### Given data

(* Let $f_\theta$ be any map that assigns to each integer linear program $\min_{\mathbf{x}}\{\mathbf{c}^\top\mathbf{x}\mid \mathbf{A}\mathbf{x}\le\mathbf{b},\ \mathbf{x}\in\mathbb{Z}^n\}$ (given via its bipartite representation $\mathcal{A}=\begin{bmatrix}\mathbf{A}&\mathbf{b}\\ \mathbf{c}^\top&0\end{bmatrix}\in\mathbb{R}^{(m+1)\times(n+1)}$) a vector $f_\theta(\mathcal{A})\in\mathbb{R}^n$, and which satisfies $f_\theta(\pi^c(\mathcal{A}))=\pi^v(f_\theta(\mathcal{A}))$ for all $\pi\in S_n$ and $f_\theta(\sigma^r(\mathcal{A}))=f_\theta(\mathcal{A})$ for all $\sigma\in S_m$. Then $f_\theta$ cannot always correctly predict an optimal solution of ILP instances with formulation symmetries: there exists an ILP instance possessing a nontrivial formulation symmetry such that $f_\theta(\mathcal{A})$ is not an optimal solution of that instance.
   Context: $S_n$ is the set of permutations of $\{1,\dots,n\}$. For $\pi\in S_n$: $\pi^v(\mathbf{y})=[y_{\pi(1)},\dots,y_{\pi(n)},y_{n+1},\dots]^\top$ permutes the top-most $n$ entries of a vector; $\pi^r$ permutes the top-most $n$ rows of a matrix as $[\mathbf{X}_{\pi(1),:},\dots,\mathbf{X}_{\pi(n),:},\mathbf{X}_{n+1,:},\dots]^\top$; $\pi^c$ permutes the left-most $n$ columns as $[\mathbf{X}_{:,\pi(1)},\dots,\mathbf{X}_{:,\pi(n)},\mathbf{X}_{:,n+1},\dots]$; analogously for $\sigma\in S_m$. A permutation $\pi\in S_n$ is a formulation symmetry of the ILP if there exists $\sigma\in S_m$ with $\pi^v(\mathbf{c})=\mathbf{c}$, $\sigma^v(\mathbf{b})=\mathbf{b}$, and $A_{\sigma(i),\pi(j)}=A_{i,j}$ for all $i,j$. *)

From HB Require Import structures.
From mathcomp Require Import all_boot all_order all_algebra all_fingroup.
From mathcomp Require Import reals.
Set Implicit Arguments. Unset Strict Implicit. Unset Printing Implicit Defensive.
Import Order.TTheory GRing.Theory Num.Theory.
Local Open Scope ring_scope.

Section ILP.
Variable R : realType.

Definition ext_perm (k : nat) (p : 'S_k) (j : 'I_k.+1) : 'I_k.+1 :=
  if (insub (val j) : option 'I_k) is Some j' then widen_ord (leqnSn k) (p j')
  else j.

Definition colperm m n (p : 'S_n) (M : 'M[R]_(m.+1, n.+1)) : 'M[R]_(m.+1, n.+1) :=
  \matrix_(i, j) M i (ext_perm p j).

Definition rowperm m n (s : 'S_m) (M : 'M[R]_(m.+1, n.+1)) : 'M[R]_(m.+1, n.+1) :=
  \matrix_(i, j) M (ext_perm s i) j.

Definition vperm n (p : 'S_n) (y : 'cV[R]_n) : 'cV[R]_n :=
  \col_i y (p i) 0.

Definition ilp_rep m n (A : 'M[R]_(m, n)) (b : 'cV[R]_m) (c : 'cV[R]_n)
  : 'M[R]_(m.+1, n.+1) :=
  \matrix_(i, j)
    match (insub (val i) : option 'I_m), (insub (val j) : option 'I_n) with
    | Some i', Some j' => A i' j'
    | Some i', None => b i' 0
    | None, Some j' => c j' 0
    | None, None => 0
    end.

Definition ilp_feasible m n (A : 'M[R]_(m, n)) (b : 'cV[R]_m) (x : 'cV[R]_n) :=
  (forall j, x j 0 \is a Num.int) /\
  (forall i, \sum_j A i j * x j 0 <= b i 0).

Definition ilp_obj n (c : 'cV[R]_n) (x : 'cV[R]_n) := \sum_j c j 0 * x j 0.

Definition ilp_optimal m n (A : 'M[R]_(m, n)) (b : 'cV[R]_m) (c : 'cV[R]_n)
  (x : 'cV[R]_n) :=
  ilp_feasible A b x /\
  (forall y, ilp_feasible A b y -> ilp_obj c x <= ilp_obj c y).

Definition formulation_symmetry m n (A : 'M[R]_(m, n)) (b : 'cV[R]_m)
  (c : 'cV[R]_n) (p : 'S_n) :=
  exists s : 'S_m,
    vperm p c = c /\ vperm s b = b /\ (forall i j, A (s i) (p j) = A i j).

End ILP.

(* A predictor that is equivariant under column permutations and invariant
   under row permutations of the bipartite representation returns, for every
   ILP, a vector fixed by each formulation symmetry, since a formulation
   symmetry together with its row permutation fixes the representation.  For
   min {-x0 - x1 | x0 + x1 <= 1, x in Z^2} swapping x0 and x1 is a formulation
   symmetry, but every optimum has x0 + x1 = 1 and so x0 <> x1. *)
From HB Require Import structures.
From mathcomp Require Import all_boot all_order all_algebra all_fingroup.
From mathcomp Require Import reals.
From mathcomp Require Import zify lra.
Import Order.TTheory GRing.Theory Num.Theory.
Local Open Scope ring_scope.

Lemma int_addrr_neq1 (R : archiNumDomainType) (x : R) :
  x \is a Num.int -> x + x != 1.
Proof.
case/intrP=> z ->; rewrite -intrD -[1]/(1%:~R) eqr_int.
by apply/eqP; lia.
Qed.

Lemma sum_ord2 (V : nmodType) (F : 'I_2 -> V) : \sum_i F i = F ord0 + F ord_max.
Proof. by rewrite !big_ord_recl big_ord0 addr0; congr (_ + F _); apply: val_inj. Qed.

Section FormulationSymmetry.
Variable R : realType.

Lemma ilp_rep_fixed m n (A : 'M[R]_(m, n)) b c (s : 'S_m) (p : 'S_n) :
    vperm p c = c -> vperm s b = b -> (forall i j, A (s i) (p j) = A i j) ->
  colperm p (rowperm s (ilp_rep A b c)) = ilp_rep A b c.
Proof.
move=> /matrixP pc /matrixP sb spA; apply/matrixP => i j; rewrite !mxE /ext_perm.
case: (insubP _ (nat_of_ord i)) => [i' _ ei | /negbTE ltiN];
  case: (insubP _ (nat_of_ord j)) => [j' _ ej | /negbTE ltjN];
  rewrite /= -?ei -?ej ?valK ?insubF //.
- by rewrite -[RHS]sb mxE.
- by rewrite -[RHS]pc mxE.
Qed.

Variable f : forall m n : nat, 'M[R]_(m.+1, n.+1) -> 'cV[R]_n.
Hypothesis f_col : forall m n (p : 'S_n) (M : 'M[R]_(m.+1, n.+1)),
  f m n (colperm p M) = vperm p (f m n M).
Hypothesis f_row : forall m n (s : 'S_m) (M : 'M[R]_(m.+1, n.+1)),
  f m n (rowperm s M) = f m n M.

Lemma prediction_fixed_by_symmetry m n (A : 'M[R]_(m, n)) b c p :
  formulation_symmetry A b c p ->
  vperm p (f m n (ilp_rep A b c)) = f m n (ilp_rep A b c).
Proof.
case=> s [pc [sb spA]].
by rewrite -{1}(f_row _ _ s) -f_col ilp_rep_fixed.
Qed.

End FormulationSymmetry.

Section PairILP.
Variable R : realType.

Definition pair_A : 'M[R]_(1, 2) := const_mx 1.
Definition pair_b : 'cV[R]_1 := const_mx 1.
Definition pair_c : 'cV[R]_2 := const_mx (-1).
Definition swap : 'S_2 := tperm ord0 ord_max.
Definition first_unit : 'cV[R]_2 := \col_i (i == ord0)%:R.

Lemma pair_rowE (x : 'cV[R]_2) i :
  \sum_j pair_A i j * x j 0 = x ord0 0 + x ord_max 0.
Proof. by rewrite sum_ord2 !mxE !mul1r. Qed.

Lemma pair_objE (x : 'cV[R]_2) : ilp_obj pair_c x = - (x ord0 0 + x ord_max 0).
Proof. by rewrite /ilp_obj sum_ord2 !mxE !mulN1r opprD. Qed.

Lemma pair_feasible_first_unit : ilp_feasible pair_A pair_b first_unit.
Proof.
split=> [j | i]; first by rewrite mxE rpred_nat.
by rewrite pair_rowE !mxE eqxx /= addr0.
Qed.

Lemma pair_optimal_sum x :
  ilp_optimal pair_A pair_b pair_c x -> x ord0 0 + x ord_max 0 = 1.
Proof.
case=> [[_ feas] opt]; have := opt _ pair_feasible_first_unit.
have := feas ord0; rewrite pair_rowE !pair_objE !mxE /= addr0 => le1 ge1.
lra.
Qed.

Lemma pair_optimal_first_unit : ilp_optimal pair_A pair_b pair_c first_unit.
Proof.
split=> [|y [_ feas]]; first exact: pair_feasible_first_unit.
have := feas ord0; rewrite pair_rowE !pair_objE !mxE /= addr0 => le1.
lra.
Qed.

Lemma swap_neq1 : swap != 1%g.
Proof. by apply/eqP => /permP/(_ ord0); rewrite tpermL perm1. Qed.

Lemma swap_formulation_symmetry : formulation_symmetry pair_A pair_b pair_c swap.
Proof. by exists 1%g; split; [|split]; try apply/matrixP; move=> i j; rewrite !mxE. Qed.

Lemma pair_not_optimal_swap_fixed x :
  vperm swap x = x -> ~ ilp_optimal pair_A pair_b pair_c x.
Proof.
move=> /matrixP/(_ ord0 0); rewrite mxE tpermL => eqx opt.
have [[intx _] _] := opt.
by move/eqP: (pair_optimal_sum x opt); rewrite -eqx; apply/negP/int_addrr_neq1.
Qed.

End PairILP.

Theorem corollary1 (R : realType)
  (f : forall m n : nat, 'M[R]_(m.+1, n.+1) -> 'cV[R]_n)
  (f_col : forall m n (p : 'S_n) (M : 'M[R]_(m.+1, n.+1)),
      f m n (colperm p M) = vperm p (f m n M))
  (f_row : forall m n (s : 'S_m) (M : 'M[R]_(m.+1, n.+1)),
      f m n (rowperm s M) = f m n M) :
  exists m n (A : 'M[R]_(m, n)) (b : 'cV[R]_m) (c : 'cV[R]_n) (p : 'S_n),
    [/\ p != 1%g, formulation_symmetry A b c p,
        (exists x, ilp_optimal A b c x) &
        ~ ilp_optimal A b c (f m n (ilp_rep A b c))].
Proof.
exists 1%N, 2%N, (pair_A R), (pair_b R), (pair_c R), swap; split.
- exact: swap_neq1.
- exact: swap_formulation_symmetry.
- by exists (first_unit R); apply: pair_optimal_first_unit.
- apply: pair_not_optimal_swap_fixed.
  exact: (@prediction_fixed_by_symmetry R f f_col f_row _ _ _ _ _ _
            (swap_formulation_symmetry R)).
Qed.
Definition abs_cont_on (g : R -> R) (x y : R) : Prop :=
  forall e, 0 < e -> exists2 d, 0 < d &
    forall n (ab : 'I_n -> R * R),
      (forall i, x <= (ab i).1 <= (ab i).2 /\ (ab i).2 <= y) ->
      (forall i j : 'I_n, (i < j)%N -> (ab i).2 <= (ab j).1) ->
      \sum_(i < n) ((ab i).2 - (ab i).1) < d ->
      \sum_(i < n) `|g (ab i).2 - g (ab i).1| < e.

Definition kernel_ok (mu : R -> R) (delta : R) : Prop :=
  (forall s, 0 < s -> 0 <= mu s) /\
  (forall s t, 0 < s -> s <= t -> mu t <= mu s) /\
  (forall x y, 0 < x -> x <= y -> abs_cont_on mu x y) /\
  leb.-integrable `]0, +oo[ (fun s => (mu s)%:E) /\ 0 < kappa mu /\
  leb.-integrable `]0, +oo[ (fun s => (s * mu s)%:E) /\
  Rintegral leb `]0, +oo[ (fun s => s * mu s) = 1 /\
  (exists l : R, mu x @[x --> 0^'+] --> l) /\
  0 < delta /\
  {ae leb, forall s, 0 < s -> derivable mu s 1 /\ derive1 mu s + delta * mu s <= 0}.

End Defs.

(* Write [Lambda_eps z = Lambda_0 z - eps J z], where [J = coupling] is the memory term
   [kappa^{-1/2} \int mu(s) (u, eta(s))_1 ds].  Then
   [eps Lambda_eps - alpha Lambda_alpha = (eps - alpha) (Lambda_0 - (eps + alpha) J)],
   so [alpha Lambda_alpha <= eps Lambda_eps <= c_*] as soon as
   [(eps + alpha) |J| <= Lambda_0].  Young's inequality gives
   [Lambda_0 >= |||u|||_1^2 + ||eta||_M^2 / 2], and together with a Poincare
   inequality [|||v|||_1^2 <= (1 + K) ||v||_1^2] it gives
   [(eps + alpha) |J| <= |||u|||_1^2 + (1 + K) (eps + alpha)^2 ||eta||_M^2 / 4].
   Finally [alpha <= eps (1 - omega eps)] and [omega eps < 1/2] force
   [omega (eps + alpha) <= 3/4], hence [(1 + K) (eps + alpha)^2 <= 2]. *)

From HB Require Import structures.
From mathcomp Require Import all_boot all_order all_algebra.
From mathcomp Require Import all_classical all_reals all_analysis.
From mathcomp Require Import ring lra measurable_realfun.
Import Order.TTheory GRing.Theory Num.Theory.
Import numFieldNormedType.Exports.
Local Open Scope classical_set_scope.
Local Open Scope ring_scope.
Lemma sol_eq_of_asymptotic (U : R -> Cx) (k : R) (f f' g g' u1 u1' u2 u2' : R -> Cx) :
  is_sol U k f f' -> is_sol U k g g' -> is_sol U k u1 u1' -> is_sol U k u2 u2' ->
  bounded g -> bounded g' -> bounded u1 -> bounded u1' -> bounded u2 -> bounded u2' ->
  wronskian u1 u1' u2 u2' 0 <> C0 ->
  vanishing (fun x => Csub (f x) (g x)) -> vanishing (fun x => Csub (f' x) (g' x)) ->
  forall x, f x = g x.
Proof.
  intros Hf Hg Hu1 Hu2 Bg Bg' Bu1 Bu1' Bu2 Bu2' HW Hfg Hfg' x.
  assert (Hself : forall u : R -> Cx, vanishing (fun x => Csub (u x) (u x))).
  { intros u; eapply vanishing_ext; [| exact vanishing_zero].
    intros y; componentwise; ring. }
  assert (Hsame : forall u u', is_sol U k u u' -> bounded u -> bounded u' ->
                  wronskian f f' u u' x = wronskian g g' u u' x).
  { intros u u' Hu Bu Bu'.
    rewrite (wronskian_const U k g g' u u' Hg Hu x).
    apply (wronskian_eq_of_asymptotic U k f f' u u' g g' u u'); auto.
    intros y; exact (wronskian_const U k g g' u u' Hg Hu y). }
  apply (Cmul_cancel_r _ _ (wronskian u1 u1' u2 u2' x)).
  - rewrite (wronskian_const U k u1 u1' u2 u2' Hu1 Hu2 x); exact HW.
  - rewrite (wronskian_cramer f f'), (wronskian_cramer g g').
    now rewrite (Hsame u1 u1'), (Hsame u2 u2').
Qed.
(* Let $G$ be a locally compact abelian group (written additively) not reduced to its neutral element, $E$ an $\mathbb{R}$-group, and $\mathcal{H}=(H_\varepsilon)_{\varepsilon\in E}$ a continuous absorptive action of $E$ on $G$ compatible with the group operation ($H_\varepsilon(x+y)=H_\varepsilon(x)+H_\varepsilon(y)$). For $\varepsilon\in E$ let $\widehat H_\varepsilon:\widehat G\to\widehat G$ be defined by $\langle\widehat H_\varepsilon(\gamma),x\rangle=\langle\gamma,H_\varepsilon(x)\rangle$ ($\gamma\in\widehat G$, $x\in G$). Then $\widehat{\mathcal{H}}=(\widehat H_\varepsilon)_{\varepsilon\in E}$ is a continuous absorptive action of $E$ on $\widehat G$.
   Context: $\widehat G$ is the dual group of $G$ (continuous homomorphisms $G\to\{z\in\mathbb{C}:|z|=1\}$) with pointwise multiplication and the topology of compact convergence; $\langle\gamma,x\rangle$ is the value of $\gamma$ at $x$. An $\mathbb{R}$-group is an abelian group $E$ (operation written multiplicatively) whose underlying set is a subset of $\mathbb{R}$ containing all positive integers, such that: (RG1) with the natural order of $\mathbb{R}$, $E$ is a totally ordered group; (RG2) with the topology induced from $\mathbb{R}$, $E$ is a locally compact group; (RG3) there is a nonconstant continuous homomorphism $h:E\to\mathbb{R}_+^*$ such that for every $\alpha\in E$ the set $\{\varepsilon\in E:\varepsilon\ge\alpha\}$ is integrable for $h\cdot m$, $m$ a Haar measure on $E$. $e$ is the identity of $E$, $\varepsilon^{-1}$ the group inverse; inequalities refer to the order of $\mathbb{R}$. An action of $E$ on a space $X$ is a family $(H_\varepsilon)_{\varepsilon\in E}$ of bijections of $X$ with $H_\varepsilon\circ H_{\varepsilon'}=H_{\varepsilon\varepsilon'}$, $H_e=\mathrm{id}_X$; continuous if $(\varepsilon,x)\mapsto H_\varepsilon(x)$ is continuous on $E\times X$; absorptive if some $\omega\in X$ satisfies: for every neighbourhood $V$ of $\omega$ and every $x\in X$ there are a neighbourhood $U$ of $x$ and $\alpha\in E$ with $H_{\varepsilon^{-1}}(U)\subset V$ for all $\varepsilon\le\alpha$. *)

From HB Require Import structures.
From mathcomp Require Import all_boot all_order all_algebra.
From mathcomp Require Import all_classical all_reals all_analysis.
From mathcomp Require Import complex.
Set Implicit Arguments. Unset Strict Implicit. Unset Printing Implicit Defensive.
Import Order.TTheory GRing.Theory Num.Theory.
Import numFieldTopology.Exports numFieldNormedType.Exports.
Local Open Scope classical_set_scope.
Local Open Scope ring_scope.
Local Open Scope complex_scope.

### What is needed
Scan the material for lines with the word "delta", and copy each line you find.

### Reply
Definition kernel_ok (mu : R -> R) (delta : R) : Prop :=
  0 < delta /\
  {ae leb, forall s, 0 < s -> derivable mu s 1 /\ derive1 mu s + delta * mu s <= 0}.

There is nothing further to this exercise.